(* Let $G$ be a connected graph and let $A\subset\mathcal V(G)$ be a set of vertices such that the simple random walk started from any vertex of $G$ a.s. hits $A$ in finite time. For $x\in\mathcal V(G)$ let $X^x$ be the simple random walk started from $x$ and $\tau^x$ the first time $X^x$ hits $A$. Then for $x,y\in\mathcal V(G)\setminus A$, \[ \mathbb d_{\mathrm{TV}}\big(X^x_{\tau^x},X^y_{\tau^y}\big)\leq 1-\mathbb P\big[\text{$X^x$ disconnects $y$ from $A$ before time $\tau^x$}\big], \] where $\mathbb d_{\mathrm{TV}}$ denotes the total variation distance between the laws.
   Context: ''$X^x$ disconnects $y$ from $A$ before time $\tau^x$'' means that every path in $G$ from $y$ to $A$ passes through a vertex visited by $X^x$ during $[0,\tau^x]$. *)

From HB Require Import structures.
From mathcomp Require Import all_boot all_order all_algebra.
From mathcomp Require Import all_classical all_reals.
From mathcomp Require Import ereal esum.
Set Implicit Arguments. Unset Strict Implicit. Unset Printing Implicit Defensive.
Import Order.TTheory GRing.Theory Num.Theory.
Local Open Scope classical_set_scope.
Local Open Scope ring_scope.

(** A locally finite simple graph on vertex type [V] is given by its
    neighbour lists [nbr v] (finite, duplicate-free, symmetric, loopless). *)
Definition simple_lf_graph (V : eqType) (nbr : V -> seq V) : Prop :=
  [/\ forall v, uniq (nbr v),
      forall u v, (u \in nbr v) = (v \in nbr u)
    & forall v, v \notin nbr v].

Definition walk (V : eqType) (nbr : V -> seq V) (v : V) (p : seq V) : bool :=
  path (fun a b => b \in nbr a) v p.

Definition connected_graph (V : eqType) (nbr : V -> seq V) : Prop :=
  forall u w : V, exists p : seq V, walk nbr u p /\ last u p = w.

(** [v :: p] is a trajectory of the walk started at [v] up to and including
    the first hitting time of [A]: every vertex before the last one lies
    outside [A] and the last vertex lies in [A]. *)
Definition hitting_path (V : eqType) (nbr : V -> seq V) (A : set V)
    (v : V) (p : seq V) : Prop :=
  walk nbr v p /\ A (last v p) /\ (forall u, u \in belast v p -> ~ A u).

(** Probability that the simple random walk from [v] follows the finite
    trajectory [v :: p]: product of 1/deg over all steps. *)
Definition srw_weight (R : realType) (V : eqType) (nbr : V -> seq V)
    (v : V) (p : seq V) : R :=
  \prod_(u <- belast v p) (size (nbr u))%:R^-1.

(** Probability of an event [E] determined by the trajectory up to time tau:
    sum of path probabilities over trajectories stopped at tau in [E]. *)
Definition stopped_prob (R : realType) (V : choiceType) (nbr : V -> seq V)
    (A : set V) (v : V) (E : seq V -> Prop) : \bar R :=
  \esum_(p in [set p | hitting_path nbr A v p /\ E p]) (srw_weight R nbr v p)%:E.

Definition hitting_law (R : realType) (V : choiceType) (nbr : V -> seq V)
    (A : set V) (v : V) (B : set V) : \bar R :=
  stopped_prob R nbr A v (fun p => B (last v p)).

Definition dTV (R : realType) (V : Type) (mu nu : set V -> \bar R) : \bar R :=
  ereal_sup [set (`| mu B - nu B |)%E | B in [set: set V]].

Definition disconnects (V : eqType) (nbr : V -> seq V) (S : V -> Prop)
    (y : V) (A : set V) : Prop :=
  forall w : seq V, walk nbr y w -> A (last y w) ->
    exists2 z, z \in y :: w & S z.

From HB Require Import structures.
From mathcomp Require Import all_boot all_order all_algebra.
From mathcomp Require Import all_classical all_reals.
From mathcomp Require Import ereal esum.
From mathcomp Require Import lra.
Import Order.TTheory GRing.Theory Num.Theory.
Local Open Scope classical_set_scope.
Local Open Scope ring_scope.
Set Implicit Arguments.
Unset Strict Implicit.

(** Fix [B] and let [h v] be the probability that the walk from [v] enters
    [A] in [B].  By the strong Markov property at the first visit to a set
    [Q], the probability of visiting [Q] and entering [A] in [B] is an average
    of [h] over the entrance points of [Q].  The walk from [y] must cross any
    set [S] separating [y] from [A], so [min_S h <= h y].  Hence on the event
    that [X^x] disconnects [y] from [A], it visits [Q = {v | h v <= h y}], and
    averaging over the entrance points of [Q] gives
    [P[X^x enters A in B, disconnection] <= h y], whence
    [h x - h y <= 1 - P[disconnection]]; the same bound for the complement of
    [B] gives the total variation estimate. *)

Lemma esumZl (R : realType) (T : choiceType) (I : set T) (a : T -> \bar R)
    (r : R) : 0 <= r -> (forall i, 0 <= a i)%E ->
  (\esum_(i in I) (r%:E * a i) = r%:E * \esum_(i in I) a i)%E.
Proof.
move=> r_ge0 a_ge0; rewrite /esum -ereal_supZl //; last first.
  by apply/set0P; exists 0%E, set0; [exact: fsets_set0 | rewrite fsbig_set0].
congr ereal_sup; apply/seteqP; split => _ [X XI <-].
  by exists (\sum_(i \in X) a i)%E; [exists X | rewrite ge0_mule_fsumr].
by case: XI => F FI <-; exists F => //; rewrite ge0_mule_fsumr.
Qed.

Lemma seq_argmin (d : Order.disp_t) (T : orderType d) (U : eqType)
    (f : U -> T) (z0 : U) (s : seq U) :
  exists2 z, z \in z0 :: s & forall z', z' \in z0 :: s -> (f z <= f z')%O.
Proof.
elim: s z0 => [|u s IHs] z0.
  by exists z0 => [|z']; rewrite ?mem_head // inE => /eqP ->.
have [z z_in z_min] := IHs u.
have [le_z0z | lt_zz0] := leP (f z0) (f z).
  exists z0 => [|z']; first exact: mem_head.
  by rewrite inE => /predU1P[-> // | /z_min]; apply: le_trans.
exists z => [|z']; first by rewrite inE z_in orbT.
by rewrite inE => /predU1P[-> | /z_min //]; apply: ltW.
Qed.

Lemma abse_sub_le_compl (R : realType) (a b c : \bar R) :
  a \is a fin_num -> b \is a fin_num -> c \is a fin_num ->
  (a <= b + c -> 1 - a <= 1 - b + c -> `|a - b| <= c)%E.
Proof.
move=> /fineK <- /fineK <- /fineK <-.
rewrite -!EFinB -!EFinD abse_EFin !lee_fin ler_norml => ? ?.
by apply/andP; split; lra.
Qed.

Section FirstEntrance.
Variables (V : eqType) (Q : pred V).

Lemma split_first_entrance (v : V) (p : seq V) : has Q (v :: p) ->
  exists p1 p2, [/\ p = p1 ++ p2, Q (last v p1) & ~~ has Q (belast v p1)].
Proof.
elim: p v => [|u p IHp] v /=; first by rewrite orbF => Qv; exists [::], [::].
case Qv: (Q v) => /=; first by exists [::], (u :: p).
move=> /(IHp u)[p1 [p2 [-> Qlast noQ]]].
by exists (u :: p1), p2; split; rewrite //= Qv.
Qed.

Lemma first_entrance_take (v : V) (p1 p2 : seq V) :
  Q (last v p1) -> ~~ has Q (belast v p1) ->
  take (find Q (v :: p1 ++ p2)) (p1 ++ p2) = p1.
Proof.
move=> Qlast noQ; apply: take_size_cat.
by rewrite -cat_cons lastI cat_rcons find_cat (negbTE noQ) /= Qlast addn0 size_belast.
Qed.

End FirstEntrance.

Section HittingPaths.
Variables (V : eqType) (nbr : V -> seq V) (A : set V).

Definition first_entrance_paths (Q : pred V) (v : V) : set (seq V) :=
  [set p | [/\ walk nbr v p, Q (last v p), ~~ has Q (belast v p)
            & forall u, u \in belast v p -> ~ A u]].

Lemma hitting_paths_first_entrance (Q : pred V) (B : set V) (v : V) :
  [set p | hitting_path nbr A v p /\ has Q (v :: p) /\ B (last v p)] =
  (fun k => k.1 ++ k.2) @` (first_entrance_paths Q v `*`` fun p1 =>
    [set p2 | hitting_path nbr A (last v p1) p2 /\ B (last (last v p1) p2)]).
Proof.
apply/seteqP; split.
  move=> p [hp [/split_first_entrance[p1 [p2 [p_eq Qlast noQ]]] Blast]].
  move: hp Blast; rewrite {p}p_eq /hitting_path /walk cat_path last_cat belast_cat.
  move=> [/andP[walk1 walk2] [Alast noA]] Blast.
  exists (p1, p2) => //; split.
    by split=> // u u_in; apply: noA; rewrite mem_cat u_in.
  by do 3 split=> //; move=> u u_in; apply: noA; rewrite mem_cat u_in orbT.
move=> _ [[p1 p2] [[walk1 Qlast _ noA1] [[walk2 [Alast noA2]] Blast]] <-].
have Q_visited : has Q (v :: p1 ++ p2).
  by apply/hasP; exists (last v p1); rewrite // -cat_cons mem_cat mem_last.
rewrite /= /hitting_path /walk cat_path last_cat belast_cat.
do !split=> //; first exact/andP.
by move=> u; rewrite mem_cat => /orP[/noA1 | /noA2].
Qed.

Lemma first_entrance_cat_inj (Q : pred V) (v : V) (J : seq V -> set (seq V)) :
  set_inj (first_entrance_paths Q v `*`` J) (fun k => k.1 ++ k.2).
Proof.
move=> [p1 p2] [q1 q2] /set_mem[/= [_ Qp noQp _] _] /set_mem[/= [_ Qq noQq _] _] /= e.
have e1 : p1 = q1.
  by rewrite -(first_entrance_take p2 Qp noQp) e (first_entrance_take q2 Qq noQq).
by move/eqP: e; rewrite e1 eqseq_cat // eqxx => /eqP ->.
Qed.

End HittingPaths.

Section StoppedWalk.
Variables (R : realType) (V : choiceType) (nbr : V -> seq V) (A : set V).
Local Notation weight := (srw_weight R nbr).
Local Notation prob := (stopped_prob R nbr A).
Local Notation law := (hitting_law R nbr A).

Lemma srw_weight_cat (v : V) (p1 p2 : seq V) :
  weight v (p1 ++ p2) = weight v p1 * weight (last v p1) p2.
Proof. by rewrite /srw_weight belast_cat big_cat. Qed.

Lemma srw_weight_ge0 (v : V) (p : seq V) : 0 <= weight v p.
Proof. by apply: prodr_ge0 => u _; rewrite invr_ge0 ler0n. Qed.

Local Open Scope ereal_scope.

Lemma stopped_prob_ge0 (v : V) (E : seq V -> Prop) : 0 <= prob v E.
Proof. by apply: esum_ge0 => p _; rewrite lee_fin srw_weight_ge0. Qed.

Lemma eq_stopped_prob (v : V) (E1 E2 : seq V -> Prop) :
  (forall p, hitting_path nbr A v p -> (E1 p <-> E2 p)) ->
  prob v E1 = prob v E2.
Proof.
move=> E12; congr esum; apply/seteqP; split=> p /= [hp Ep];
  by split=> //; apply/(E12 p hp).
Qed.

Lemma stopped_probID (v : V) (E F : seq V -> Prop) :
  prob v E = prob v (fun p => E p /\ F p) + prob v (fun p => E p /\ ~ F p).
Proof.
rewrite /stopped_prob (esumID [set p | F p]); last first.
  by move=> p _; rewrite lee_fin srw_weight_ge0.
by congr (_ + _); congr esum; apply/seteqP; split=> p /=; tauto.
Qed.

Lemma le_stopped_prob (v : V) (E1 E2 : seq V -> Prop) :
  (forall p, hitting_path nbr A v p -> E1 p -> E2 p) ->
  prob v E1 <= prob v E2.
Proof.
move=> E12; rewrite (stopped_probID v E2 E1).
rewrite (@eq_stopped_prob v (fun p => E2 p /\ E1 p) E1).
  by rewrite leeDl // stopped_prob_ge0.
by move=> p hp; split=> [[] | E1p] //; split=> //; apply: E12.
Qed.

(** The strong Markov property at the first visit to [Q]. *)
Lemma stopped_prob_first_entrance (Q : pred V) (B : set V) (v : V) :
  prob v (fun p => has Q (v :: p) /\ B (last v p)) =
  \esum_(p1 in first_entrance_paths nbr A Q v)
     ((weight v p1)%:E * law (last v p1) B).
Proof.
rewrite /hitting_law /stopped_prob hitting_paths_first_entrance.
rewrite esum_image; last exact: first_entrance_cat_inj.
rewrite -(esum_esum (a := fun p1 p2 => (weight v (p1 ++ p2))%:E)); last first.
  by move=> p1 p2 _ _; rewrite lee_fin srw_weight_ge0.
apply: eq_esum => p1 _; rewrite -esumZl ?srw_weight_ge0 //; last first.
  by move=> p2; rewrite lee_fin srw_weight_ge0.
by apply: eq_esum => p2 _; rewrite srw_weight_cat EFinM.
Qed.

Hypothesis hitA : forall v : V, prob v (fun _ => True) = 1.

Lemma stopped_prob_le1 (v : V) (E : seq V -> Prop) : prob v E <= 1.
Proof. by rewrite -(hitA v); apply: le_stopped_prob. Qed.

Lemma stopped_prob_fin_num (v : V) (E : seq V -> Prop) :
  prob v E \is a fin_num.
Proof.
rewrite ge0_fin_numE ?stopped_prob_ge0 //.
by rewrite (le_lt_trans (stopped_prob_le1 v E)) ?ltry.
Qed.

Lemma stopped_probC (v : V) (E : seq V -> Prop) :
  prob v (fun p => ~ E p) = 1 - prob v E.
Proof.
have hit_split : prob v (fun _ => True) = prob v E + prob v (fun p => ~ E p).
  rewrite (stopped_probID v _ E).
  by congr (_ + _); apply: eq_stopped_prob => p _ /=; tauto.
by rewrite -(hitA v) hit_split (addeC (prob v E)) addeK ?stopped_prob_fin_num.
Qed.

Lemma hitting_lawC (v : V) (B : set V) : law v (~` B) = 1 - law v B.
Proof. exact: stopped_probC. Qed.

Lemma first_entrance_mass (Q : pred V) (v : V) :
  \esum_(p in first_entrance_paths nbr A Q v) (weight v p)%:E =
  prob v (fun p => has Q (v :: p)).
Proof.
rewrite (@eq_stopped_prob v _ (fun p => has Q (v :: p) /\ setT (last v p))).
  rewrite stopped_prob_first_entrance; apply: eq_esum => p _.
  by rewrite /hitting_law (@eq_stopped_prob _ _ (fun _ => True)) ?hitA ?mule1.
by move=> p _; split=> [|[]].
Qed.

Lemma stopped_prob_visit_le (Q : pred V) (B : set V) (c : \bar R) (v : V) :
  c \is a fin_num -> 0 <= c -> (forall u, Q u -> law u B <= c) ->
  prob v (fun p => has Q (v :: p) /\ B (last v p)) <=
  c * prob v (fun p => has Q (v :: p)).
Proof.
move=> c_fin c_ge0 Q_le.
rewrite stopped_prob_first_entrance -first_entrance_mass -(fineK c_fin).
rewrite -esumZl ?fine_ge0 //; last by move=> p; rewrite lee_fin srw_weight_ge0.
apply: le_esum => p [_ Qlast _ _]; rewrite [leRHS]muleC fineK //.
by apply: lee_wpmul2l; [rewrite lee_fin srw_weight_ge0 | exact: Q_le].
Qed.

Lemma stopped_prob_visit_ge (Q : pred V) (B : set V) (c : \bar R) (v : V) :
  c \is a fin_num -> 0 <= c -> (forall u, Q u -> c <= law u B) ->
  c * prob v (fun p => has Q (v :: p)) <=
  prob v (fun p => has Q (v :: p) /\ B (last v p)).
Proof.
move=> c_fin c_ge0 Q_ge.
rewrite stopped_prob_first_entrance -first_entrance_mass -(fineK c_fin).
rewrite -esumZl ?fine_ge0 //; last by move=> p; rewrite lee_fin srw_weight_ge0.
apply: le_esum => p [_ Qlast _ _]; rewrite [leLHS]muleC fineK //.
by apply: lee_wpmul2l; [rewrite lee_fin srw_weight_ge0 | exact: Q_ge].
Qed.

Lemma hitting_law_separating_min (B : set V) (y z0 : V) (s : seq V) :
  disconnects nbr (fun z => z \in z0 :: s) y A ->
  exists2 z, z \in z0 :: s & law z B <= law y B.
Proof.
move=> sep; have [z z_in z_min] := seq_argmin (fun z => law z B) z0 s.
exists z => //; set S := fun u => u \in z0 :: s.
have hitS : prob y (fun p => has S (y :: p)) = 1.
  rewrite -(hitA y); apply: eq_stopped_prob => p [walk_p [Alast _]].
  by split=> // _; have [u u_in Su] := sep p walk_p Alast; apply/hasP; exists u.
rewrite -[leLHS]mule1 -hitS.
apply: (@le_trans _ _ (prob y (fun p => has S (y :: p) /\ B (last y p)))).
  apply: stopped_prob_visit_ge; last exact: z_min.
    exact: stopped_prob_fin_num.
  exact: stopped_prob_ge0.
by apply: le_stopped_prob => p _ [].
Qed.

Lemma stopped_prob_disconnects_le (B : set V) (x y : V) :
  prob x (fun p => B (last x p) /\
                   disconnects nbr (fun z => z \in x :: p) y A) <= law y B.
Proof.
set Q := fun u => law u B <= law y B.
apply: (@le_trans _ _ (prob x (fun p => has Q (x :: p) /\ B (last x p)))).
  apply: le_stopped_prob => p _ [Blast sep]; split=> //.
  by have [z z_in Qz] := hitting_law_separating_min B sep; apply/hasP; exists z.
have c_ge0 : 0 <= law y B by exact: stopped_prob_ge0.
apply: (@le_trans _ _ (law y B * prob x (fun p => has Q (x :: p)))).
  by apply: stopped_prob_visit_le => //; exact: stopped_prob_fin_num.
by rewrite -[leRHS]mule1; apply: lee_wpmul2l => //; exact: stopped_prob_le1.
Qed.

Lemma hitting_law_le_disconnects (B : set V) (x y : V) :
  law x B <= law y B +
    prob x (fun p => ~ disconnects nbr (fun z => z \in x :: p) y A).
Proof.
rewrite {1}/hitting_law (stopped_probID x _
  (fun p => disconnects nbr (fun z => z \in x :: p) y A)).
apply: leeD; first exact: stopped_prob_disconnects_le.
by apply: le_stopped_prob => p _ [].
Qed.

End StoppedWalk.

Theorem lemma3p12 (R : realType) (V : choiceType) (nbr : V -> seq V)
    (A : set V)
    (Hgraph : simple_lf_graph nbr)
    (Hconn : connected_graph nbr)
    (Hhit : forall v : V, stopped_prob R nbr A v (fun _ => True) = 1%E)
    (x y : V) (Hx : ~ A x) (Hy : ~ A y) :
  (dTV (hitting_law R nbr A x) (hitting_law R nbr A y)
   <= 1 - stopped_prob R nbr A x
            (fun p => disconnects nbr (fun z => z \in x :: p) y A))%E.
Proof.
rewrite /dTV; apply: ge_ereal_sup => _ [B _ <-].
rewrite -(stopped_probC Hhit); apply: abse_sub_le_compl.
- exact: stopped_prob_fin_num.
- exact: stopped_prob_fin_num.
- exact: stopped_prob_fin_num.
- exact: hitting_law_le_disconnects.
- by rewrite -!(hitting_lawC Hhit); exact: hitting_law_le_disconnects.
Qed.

▬▬▬▬▬▬▬▬▬▬

--- Task details ---
The lines from the one with "<= 1 - stopped_prob R nbr A x" through the final line of the data are to be reproduced exactly, both included, with no other lines.

--- Answer to the problem ---
   <= 1 - stopped_prob R nbr A x
            (fun p => disconnects nbr (fun z => z \in x :: p) y A))%E.
Proof.
rewrite /dTV; apply: ge_ereal_sup => _ [B _ <-].
rewrite -(stopped_probC Hhit); apply: abse_sub_le_compl.
- exact: stopped_prob_fin_num.
- exact: stopped_prob_fin_num.
- exact: stopped_prob_fin_num.
- exact: hitting_law_le_disconnects.
- by rewrite -!(hitting_lawC Hhit); exact: hitting_law_le_disconnects.
Qed.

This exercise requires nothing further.